▸ Directions for this task: Please print every line from the one containing "Import Order.TTheory GRing.Theory Num.Theory." through the last line of the records below, exactly as written and nothing more.
Data to process Start Marker
(* Let $R$ be a discrete valuation ring with residue field $k$ and fraction field $K$. Let $\widetilde{\mathfrak v}=(\widetilde V_i,\tilde v_i,\tilde v^i)_{i\in\mathbb Z}$ be a smoothing over $R$ of a colinked chain $\mathfrak v=(V_i,v_i,v^i)_{i\in\mathbb Z}$ with finite cosupport, and let $\mathfrak w=(W_i)_{i\in\mathbb Z}$ be an exact subrepresentation of $\mathfrak v$ of pure dimension $1$. Then there is a subrepresentation $\widetilde{\mathfrak w}\subseteq\widetilde{\mathfrak v}$ specializing to $\mathfrak w$, i.e. there are submodules $\widetilde W_i\subseteq\widetilde V_i$, each generated by an element $x_i$ whose residue in $V_i$ generates $W_i$, such that $\tilde v^i(\widetilde W_i)\subseteq\widetilde W_{i+1}$ and $\tilde v_i(\widetilde W_{i+1})\subseteq\widetilde W_i$ for all $i\in\mathbb Z$.
   Context: $\mathcal Z$ is the quiver with vertex set $\mathbb Z$ and arrows $\alpha^i\colon i\to i+1$, $\alpha_i\colon i+1\to i$ ($i\in\mathbb Z$). A representation $(V_i,v_i,v^i)$ of $\mathcal Z$ in a category consists of objects $V_i$ and morphisms $v^i\colon V_i\to V_{i+1}$, $v_i\colon V_{i+1}\to V_i$. Over $k$ (finite-dimensional vector spaces), compositions $v^i_j$ are $v^{j-1}\circ\cdots\circ v^i$ ($j>i$), $v_j\circ\cdots\circ v_{i-1}$ ($j<i$), identity ($j=i$). A colinked chain satisfies $v_iv^i=0$, $v^iv_i=0$ and $\mathrm{Im}(v_i)+\mathrm{Im}(v^{i-1})=V_i$ for all $i$. A finite cosupport is a finite $H\subseteq\mathbb Z$ such that for each $i$ there is $j\in H$ with $v^i_j$ injective. A subrepresentation $\mathfrak w$ is a family of subspaces $W_i\subseteq V_i$ with $v^i(W_i)\subseteq W_{i+1}$, $v_i(W_{i+1})\subseteq W_i$; it has pure dimension $1$ if all $W_i$ are one-dimensional, and is exact if the restricted maps $w^i,w_i$ satisfy $\ker(w^i)=\mathrm{Im}(w_i)$, $\ker(w_i)=\mathrm{Im}(w^i)$ for all $i$. A representation of $\mathcal Z$ over a field is general if $v_i\circ v^i$ and $v^i\circ v_i$ are nonzero scalar multiples of the identity for every $i$. If $\widetilde{\mathfrak v}$ is a representation of $\mathcal Z$ in free $R$-modules of finite rank, its specialization is $\widetilde{\mathfrak v}\otimes_R k$; $\widetilde{\mathfrak v}$ is a smoothing of $\mathfrak v$ over $R$ if $\widetilde{\mathfrak v}\otimes_R k=\mathfrak v$ and $\widetilde{\mathfrak v}\otimes_R K$ is general. *)

From HB Require Import structures.
From mathcomp Require Import all_boot all_order all_algebra.
Set Implicit Arguments. Unset Strict Implicit. Unset Printing Implicit Defensive.
Import Order.TTheory GRing.Theory Num.Theory.
Local Open Scope ring_scope.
Data to process End Marker
▸ Reply to the exercise:
Import Order.TTheory GRing.Theory Num.Theory.
Local Open Scope ring_scope.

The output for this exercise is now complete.